(Stored data entries)
########################################

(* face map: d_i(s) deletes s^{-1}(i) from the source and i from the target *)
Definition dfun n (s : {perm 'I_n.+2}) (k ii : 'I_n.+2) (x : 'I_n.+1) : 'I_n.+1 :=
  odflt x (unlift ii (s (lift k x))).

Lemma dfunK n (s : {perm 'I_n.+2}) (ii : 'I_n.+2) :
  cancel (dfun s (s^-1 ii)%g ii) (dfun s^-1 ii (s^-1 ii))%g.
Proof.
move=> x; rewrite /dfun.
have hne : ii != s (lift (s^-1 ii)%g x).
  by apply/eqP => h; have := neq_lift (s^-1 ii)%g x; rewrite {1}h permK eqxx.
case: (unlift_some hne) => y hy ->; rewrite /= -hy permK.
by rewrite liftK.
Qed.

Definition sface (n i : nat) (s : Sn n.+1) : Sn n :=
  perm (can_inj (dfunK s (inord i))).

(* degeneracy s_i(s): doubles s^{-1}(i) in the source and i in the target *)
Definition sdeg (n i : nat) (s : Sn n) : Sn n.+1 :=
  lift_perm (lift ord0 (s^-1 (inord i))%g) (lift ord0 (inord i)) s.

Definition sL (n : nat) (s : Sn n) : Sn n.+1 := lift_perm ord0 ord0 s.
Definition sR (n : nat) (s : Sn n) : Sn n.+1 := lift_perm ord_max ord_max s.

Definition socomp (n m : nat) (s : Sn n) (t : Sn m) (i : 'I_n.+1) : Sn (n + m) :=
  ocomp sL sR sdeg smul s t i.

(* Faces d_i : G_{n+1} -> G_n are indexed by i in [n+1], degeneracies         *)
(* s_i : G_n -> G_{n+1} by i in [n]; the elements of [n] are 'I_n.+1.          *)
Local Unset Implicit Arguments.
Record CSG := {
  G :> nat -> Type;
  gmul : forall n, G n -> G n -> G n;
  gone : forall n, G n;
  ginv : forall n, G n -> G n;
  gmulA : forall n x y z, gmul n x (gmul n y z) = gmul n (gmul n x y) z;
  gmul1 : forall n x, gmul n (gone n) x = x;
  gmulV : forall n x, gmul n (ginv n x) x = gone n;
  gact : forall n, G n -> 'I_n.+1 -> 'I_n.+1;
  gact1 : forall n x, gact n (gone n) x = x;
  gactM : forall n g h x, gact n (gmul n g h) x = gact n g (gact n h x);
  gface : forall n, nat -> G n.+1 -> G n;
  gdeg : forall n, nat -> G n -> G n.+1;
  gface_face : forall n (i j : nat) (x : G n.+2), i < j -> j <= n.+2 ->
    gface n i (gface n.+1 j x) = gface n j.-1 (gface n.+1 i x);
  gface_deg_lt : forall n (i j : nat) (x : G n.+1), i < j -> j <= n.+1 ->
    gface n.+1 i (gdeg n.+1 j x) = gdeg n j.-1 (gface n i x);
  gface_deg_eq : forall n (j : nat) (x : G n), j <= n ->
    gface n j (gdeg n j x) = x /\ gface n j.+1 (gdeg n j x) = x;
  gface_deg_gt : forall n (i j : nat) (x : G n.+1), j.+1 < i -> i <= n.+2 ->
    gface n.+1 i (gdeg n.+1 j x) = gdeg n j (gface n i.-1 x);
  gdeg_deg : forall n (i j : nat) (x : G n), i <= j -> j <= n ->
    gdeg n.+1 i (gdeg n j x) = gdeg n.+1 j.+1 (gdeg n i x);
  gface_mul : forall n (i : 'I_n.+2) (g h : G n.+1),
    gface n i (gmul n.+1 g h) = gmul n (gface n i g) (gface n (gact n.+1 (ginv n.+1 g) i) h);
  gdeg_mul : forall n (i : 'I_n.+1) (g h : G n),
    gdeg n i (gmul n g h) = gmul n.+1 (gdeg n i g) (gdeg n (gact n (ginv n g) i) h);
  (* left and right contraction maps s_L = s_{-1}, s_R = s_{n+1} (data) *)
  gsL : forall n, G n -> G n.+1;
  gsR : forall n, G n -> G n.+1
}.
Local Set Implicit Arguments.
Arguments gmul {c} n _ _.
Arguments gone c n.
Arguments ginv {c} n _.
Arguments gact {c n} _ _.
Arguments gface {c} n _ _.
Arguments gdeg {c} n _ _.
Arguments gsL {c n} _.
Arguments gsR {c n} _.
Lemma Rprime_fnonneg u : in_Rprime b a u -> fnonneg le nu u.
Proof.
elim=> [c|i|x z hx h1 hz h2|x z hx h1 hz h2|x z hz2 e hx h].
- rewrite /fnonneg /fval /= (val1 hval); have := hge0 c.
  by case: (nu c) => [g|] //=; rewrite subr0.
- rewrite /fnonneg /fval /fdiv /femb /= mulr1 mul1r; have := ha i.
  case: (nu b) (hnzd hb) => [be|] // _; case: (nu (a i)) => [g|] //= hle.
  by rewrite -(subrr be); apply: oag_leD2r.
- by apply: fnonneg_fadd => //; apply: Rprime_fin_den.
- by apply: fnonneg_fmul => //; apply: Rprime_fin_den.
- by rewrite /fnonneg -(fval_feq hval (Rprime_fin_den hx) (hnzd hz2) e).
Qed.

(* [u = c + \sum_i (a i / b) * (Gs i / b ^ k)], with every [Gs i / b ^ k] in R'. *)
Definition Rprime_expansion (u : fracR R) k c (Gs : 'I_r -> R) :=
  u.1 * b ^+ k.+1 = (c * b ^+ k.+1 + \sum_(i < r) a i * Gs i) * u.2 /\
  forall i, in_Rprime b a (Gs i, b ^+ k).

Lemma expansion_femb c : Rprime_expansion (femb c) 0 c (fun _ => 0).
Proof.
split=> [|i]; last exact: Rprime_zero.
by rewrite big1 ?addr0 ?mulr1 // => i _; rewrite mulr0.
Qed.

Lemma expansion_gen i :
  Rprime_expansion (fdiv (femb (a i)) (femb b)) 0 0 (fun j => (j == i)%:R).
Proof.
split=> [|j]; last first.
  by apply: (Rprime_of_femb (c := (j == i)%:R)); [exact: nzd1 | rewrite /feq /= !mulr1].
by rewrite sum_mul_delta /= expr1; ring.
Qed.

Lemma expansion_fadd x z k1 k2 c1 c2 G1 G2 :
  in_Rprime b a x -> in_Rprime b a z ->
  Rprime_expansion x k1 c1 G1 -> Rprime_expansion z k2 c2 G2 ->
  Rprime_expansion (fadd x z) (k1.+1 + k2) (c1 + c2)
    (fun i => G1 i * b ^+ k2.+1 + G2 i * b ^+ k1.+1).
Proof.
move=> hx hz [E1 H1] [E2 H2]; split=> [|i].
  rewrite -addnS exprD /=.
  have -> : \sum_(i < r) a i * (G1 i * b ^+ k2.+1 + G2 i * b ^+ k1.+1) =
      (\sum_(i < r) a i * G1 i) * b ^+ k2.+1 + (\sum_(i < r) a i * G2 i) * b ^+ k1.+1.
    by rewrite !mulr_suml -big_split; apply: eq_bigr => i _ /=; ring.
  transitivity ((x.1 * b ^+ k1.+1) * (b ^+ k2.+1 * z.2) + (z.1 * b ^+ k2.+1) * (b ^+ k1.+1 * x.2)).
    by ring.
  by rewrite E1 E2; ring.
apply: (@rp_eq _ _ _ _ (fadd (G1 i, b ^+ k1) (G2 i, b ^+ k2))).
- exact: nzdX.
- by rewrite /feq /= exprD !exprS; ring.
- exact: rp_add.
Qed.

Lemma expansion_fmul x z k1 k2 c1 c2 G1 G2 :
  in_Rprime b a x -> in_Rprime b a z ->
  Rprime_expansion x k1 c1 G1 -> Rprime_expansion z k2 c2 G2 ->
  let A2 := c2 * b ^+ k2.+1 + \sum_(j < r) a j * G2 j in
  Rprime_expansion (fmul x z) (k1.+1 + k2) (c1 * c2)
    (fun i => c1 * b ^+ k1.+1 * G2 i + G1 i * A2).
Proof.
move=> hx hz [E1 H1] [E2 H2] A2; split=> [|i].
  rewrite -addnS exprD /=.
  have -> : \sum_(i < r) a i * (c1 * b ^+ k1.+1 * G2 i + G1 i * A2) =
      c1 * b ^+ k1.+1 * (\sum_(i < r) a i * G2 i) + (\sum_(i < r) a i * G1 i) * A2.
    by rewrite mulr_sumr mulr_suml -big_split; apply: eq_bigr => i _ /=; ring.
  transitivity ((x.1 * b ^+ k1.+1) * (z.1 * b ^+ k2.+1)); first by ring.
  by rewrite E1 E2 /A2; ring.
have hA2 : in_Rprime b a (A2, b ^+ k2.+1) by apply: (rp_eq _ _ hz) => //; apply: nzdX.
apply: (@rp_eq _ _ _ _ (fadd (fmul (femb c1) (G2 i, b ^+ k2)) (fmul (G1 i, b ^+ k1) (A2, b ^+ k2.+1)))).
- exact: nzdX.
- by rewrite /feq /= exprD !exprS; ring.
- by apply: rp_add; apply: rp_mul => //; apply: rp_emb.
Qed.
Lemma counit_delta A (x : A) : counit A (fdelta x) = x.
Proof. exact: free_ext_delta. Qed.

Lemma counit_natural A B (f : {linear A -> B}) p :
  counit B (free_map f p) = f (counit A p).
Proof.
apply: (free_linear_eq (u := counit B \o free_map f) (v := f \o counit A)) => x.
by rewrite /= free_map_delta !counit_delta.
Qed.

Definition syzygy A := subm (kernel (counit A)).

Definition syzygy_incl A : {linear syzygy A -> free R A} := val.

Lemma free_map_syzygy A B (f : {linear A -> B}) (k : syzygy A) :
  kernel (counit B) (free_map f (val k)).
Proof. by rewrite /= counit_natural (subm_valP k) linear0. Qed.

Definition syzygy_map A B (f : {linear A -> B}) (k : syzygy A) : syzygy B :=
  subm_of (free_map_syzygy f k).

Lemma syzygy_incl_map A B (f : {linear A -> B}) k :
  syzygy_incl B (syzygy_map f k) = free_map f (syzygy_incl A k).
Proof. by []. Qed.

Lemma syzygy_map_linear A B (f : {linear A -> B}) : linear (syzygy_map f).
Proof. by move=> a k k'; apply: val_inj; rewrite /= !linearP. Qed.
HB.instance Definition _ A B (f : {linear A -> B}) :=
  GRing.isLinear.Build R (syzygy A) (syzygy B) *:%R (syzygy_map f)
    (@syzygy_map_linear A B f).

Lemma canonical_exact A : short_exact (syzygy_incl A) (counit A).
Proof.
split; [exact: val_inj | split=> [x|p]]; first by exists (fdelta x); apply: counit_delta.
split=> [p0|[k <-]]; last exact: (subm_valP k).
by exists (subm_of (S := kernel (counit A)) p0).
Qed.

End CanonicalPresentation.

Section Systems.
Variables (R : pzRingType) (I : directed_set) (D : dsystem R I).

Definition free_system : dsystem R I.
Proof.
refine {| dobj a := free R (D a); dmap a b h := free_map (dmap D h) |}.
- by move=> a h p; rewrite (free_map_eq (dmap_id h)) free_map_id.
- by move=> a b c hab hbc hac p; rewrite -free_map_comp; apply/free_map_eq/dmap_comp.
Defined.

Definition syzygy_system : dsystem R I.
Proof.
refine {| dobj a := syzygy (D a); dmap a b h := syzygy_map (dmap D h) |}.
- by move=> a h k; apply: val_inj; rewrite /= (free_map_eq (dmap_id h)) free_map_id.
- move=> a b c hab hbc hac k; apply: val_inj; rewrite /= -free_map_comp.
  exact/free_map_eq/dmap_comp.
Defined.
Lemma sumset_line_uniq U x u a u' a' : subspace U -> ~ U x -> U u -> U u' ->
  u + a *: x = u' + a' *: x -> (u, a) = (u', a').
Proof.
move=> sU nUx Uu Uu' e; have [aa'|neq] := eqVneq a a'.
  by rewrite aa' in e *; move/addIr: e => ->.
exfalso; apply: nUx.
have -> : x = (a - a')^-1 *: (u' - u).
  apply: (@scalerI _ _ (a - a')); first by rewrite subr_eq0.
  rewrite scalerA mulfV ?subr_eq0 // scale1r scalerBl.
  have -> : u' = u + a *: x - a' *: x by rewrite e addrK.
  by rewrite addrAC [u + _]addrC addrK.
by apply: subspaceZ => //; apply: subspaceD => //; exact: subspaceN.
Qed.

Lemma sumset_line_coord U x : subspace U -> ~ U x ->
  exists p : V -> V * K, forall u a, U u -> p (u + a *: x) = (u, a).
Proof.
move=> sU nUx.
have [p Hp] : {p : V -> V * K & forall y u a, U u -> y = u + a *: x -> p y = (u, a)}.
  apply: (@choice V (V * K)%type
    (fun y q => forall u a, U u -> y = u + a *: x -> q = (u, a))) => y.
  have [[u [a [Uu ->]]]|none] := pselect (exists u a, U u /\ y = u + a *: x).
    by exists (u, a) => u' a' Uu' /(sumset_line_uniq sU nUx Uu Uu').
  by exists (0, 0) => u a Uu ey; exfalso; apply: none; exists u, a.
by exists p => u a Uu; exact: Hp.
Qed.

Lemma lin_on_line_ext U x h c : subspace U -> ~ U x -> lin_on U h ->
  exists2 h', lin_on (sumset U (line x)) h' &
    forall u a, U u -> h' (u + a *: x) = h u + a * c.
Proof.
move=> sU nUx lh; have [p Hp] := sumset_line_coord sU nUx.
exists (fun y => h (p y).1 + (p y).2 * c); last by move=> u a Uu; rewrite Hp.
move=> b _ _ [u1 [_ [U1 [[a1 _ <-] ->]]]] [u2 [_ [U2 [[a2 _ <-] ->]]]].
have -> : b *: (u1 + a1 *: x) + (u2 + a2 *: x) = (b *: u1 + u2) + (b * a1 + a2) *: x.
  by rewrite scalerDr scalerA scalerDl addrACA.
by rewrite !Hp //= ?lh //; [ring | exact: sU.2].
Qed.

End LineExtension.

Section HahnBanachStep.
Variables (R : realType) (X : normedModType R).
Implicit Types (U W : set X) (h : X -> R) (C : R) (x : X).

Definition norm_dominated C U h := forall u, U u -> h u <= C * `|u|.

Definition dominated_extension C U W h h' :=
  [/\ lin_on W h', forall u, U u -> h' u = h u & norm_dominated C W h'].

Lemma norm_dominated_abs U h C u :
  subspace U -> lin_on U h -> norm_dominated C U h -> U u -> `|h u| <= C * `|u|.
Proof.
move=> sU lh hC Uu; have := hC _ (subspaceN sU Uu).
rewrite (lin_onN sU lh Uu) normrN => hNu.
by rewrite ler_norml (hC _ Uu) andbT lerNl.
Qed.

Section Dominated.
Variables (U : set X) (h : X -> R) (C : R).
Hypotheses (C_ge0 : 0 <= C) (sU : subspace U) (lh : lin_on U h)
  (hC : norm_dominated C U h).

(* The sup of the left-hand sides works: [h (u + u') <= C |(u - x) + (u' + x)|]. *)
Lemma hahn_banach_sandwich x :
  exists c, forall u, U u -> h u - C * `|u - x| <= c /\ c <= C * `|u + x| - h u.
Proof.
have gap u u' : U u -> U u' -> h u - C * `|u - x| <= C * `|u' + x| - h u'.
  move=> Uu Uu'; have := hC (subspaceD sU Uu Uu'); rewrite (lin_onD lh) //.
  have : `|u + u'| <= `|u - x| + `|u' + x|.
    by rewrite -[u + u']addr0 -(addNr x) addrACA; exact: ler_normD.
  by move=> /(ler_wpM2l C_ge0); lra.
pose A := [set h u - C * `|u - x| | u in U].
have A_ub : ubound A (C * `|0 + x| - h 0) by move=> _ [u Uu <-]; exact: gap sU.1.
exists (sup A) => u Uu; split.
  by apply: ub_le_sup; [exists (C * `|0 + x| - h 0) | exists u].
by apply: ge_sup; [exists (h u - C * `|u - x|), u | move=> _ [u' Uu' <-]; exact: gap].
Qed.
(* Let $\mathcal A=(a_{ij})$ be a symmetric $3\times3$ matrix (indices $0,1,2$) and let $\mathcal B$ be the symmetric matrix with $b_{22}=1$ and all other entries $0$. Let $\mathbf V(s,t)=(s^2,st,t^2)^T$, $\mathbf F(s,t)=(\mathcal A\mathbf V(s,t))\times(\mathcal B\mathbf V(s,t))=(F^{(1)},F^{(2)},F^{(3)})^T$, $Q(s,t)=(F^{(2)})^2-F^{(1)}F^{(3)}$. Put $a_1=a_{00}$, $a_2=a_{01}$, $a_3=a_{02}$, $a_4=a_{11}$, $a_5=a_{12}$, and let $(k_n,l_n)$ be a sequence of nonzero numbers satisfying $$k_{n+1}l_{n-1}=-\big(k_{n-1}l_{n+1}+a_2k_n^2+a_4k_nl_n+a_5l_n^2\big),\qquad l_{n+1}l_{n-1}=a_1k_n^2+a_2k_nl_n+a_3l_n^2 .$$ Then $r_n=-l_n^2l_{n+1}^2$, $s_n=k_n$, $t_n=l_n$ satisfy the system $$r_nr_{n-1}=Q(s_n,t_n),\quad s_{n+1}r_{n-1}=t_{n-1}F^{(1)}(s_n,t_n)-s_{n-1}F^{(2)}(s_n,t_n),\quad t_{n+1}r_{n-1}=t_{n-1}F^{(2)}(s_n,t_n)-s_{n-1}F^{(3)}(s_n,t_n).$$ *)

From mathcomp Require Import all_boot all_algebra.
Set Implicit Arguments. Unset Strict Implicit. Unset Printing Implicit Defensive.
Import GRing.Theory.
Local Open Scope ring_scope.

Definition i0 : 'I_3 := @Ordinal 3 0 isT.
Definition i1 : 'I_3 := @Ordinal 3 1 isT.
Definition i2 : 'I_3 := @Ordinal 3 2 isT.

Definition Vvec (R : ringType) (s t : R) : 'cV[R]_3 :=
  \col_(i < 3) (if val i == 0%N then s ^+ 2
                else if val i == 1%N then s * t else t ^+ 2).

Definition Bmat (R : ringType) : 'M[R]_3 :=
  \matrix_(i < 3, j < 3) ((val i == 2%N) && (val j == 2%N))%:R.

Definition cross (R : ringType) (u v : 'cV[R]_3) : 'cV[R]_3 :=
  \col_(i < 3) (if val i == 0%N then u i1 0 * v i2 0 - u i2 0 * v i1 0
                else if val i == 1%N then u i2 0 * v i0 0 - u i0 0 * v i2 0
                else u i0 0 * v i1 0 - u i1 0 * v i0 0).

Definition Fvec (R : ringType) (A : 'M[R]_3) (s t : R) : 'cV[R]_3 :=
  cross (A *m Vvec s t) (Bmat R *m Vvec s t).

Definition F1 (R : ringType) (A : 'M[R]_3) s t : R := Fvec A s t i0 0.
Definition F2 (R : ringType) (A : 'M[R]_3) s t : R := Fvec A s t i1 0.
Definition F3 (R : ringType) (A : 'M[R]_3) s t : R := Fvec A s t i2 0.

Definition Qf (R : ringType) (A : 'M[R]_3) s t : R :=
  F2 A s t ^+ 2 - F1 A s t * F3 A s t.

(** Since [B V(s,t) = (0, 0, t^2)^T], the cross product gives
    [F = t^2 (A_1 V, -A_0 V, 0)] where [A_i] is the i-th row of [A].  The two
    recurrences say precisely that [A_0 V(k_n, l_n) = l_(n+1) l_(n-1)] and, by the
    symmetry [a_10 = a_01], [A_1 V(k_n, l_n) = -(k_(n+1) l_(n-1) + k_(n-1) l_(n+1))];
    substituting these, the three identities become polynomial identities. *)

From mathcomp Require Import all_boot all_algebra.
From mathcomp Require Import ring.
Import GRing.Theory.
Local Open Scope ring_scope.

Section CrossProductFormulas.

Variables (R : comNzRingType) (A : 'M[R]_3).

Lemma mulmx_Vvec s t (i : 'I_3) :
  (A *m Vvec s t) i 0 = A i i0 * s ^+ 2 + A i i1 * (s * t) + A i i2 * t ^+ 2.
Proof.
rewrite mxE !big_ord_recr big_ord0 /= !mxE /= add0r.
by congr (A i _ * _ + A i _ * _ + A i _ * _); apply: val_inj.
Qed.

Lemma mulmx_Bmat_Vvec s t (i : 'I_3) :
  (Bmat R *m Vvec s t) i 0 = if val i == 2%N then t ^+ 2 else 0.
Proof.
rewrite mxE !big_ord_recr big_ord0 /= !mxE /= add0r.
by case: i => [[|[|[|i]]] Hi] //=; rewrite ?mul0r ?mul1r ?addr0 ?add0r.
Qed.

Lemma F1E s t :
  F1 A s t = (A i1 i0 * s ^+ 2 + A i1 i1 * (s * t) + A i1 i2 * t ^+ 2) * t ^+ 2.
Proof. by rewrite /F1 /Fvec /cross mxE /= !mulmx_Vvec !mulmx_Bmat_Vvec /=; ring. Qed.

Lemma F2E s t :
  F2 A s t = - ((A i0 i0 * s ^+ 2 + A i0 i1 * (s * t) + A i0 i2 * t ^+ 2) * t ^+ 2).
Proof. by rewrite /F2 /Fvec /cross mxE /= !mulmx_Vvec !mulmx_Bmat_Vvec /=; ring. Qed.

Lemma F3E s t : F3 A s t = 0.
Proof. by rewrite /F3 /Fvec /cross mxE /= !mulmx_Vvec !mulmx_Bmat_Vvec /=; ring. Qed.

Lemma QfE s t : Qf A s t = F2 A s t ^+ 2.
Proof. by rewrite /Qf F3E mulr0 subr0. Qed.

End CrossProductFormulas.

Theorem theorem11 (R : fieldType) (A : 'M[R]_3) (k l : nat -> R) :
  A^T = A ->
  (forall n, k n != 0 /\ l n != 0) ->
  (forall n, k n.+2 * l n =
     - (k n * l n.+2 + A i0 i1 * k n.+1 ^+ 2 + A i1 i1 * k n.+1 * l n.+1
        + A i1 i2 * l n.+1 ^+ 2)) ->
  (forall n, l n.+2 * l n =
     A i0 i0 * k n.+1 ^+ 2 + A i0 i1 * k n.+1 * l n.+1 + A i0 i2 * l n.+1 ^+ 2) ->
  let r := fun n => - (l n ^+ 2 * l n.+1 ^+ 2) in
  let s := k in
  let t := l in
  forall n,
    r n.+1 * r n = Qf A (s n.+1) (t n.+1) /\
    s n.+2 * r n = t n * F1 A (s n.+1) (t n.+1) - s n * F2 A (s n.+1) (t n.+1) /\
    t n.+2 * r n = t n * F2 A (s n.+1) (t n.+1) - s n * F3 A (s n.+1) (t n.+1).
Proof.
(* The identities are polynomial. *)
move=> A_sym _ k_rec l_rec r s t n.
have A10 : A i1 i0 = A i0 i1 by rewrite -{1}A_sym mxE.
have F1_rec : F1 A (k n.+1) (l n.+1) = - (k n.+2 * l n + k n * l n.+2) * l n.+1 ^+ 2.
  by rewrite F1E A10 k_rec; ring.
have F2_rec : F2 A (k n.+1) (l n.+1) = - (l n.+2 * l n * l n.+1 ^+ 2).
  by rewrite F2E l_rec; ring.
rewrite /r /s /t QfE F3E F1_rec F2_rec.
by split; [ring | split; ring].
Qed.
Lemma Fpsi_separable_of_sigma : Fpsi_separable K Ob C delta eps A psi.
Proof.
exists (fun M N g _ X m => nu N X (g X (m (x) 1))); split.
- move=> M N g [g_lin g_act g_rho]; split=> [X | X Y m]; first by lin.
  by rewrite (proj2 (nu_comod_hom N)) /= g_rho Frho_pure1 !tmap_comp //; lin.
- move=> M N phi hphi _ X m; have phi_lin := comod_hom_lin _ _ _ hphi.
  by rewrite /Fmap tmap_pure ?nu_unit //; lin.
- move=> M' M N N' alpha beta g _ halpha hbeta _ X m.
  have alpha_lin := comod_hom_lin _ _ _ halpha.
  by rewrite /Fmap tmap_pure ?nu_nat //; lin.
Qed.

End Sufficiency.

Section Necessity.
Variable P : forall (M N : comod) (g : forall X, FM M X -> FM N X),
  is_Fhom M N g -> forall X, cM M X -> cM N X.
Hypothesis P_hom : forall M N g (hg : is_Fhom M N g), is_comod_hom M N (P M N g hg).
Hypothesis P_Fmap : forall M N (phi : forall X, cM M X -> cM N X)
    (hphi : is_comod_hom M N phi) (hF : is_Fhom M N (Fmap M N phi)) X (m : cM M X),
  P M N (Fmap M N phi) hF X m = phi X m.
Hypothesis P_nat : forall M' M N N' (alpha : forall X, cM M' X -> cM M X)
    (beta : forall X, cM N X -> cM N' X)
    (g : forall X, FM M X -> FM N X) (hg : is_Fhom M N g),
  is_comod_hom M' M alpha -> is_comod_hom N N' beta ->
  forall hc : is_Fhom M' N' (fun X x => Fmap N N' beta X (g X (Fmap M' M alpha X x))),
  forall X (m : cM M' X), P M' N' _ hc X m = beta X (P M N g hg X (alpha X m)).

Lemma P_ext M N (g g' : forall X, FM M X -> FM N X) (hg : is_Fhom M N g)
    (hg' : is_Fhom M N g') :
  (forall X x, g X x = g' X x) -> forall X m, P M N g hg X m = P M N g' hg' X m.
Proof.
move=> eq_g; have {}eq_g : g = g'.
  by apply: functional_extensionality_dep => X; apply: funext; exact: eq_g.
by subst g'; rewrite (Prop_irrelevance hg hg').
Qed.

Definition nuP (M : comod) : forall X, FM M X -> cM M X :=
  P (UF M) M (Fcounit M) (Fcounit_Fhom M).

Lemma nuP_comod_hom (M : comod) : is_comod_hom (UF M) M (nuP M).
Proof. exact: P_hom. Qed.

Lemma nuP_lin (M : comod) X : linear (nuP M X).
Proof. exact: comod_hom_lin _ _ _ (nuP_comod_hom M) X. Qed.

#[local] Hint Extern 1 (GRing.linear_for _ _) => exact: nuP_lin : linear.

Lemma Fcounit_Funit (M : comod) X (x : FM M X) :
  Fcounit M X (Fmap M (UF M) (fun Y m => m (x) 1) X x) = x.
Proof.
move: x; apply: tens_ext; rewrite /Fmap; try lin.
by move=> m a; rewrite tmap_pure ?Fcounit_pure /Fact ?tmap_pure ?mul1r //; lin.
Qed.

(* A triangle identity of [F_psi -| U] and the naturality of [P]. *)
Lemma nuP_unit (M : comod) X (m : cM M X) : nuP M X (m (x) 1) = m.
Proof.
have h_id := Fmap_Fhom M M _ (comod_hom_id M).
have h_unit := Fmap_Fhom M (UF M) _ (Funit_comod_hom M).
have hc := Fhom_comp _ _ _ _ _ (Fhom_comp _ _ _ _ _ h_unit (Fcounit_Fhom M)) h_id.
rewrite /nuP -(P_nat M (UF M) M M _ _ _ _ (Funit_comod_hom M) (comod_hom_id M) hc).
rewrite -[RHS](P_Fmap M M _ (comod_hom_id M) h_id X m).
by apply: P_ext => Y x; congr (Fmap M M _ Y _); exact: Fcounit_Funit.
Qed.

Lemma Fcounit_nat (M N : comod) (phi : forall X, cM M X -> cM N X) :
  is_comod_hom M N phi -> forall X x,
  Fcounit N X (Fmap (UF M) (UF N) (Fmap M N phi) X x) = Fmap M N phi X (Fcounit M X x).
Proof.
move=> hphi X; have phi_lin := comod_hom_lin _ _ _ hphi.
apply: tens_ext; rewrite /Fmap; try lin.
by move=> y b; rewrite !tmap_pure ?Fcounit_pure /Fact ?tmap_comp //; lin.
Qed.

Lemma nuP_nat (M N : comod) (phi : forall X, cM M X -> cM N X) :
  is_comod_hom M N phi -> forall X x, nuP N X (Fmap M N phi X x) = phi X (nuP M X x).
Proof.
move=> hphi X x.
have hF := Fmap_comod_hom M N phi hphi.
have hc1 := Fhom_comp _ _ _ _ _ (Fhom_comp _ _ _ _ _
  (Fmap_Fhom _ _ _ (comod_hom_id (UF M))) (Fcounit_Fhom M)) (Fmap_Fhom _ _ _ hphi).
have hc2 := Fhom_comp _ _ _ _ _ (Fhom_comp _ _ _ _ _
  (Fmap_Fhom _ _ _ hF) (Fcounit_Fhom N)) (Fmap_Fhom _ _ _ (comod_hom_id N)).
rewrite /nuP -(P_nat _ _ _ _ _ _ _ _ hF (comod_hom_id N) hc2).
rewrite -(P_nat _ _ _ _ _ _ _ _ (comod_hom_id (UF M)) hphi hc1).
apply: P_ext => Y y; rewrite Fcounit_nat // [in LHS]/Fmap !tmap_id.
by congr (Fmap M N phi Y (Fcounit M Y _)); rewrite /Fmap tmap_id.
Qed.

########################################

Beginning at the first line of the records, give again each line exactly as written, ending with the line that contains "by apply/eqP =>".

### ANSWER BOX
(* face map: d_i(s) deletes s^{-1}(i) from the source and i from the target *)
Definition dfun n (s : {perm 'I_n.+2}) (k ii : 'I_n.+2) (x : 'I_n.+1) : 'I_n.+1 :=
  odflt x (unlift ii (s (lift k x))).

Lemma dfunK n (s : {perm 'I_n.+2}) (ii : 'I_n.+2) :
  cancel (dfun s (s^-1 ii)%g ii) (dfun s^-1 ii (s^-1 ii))%g.
Proof.
move=> x; rewrite /dfun.
have hne : ii != s (lift (s^-1 ii)%g x).
  by apply/eqP => h; have := neq_lift (s^-1 ii)%g x; rewrite {1}h permK eqxx.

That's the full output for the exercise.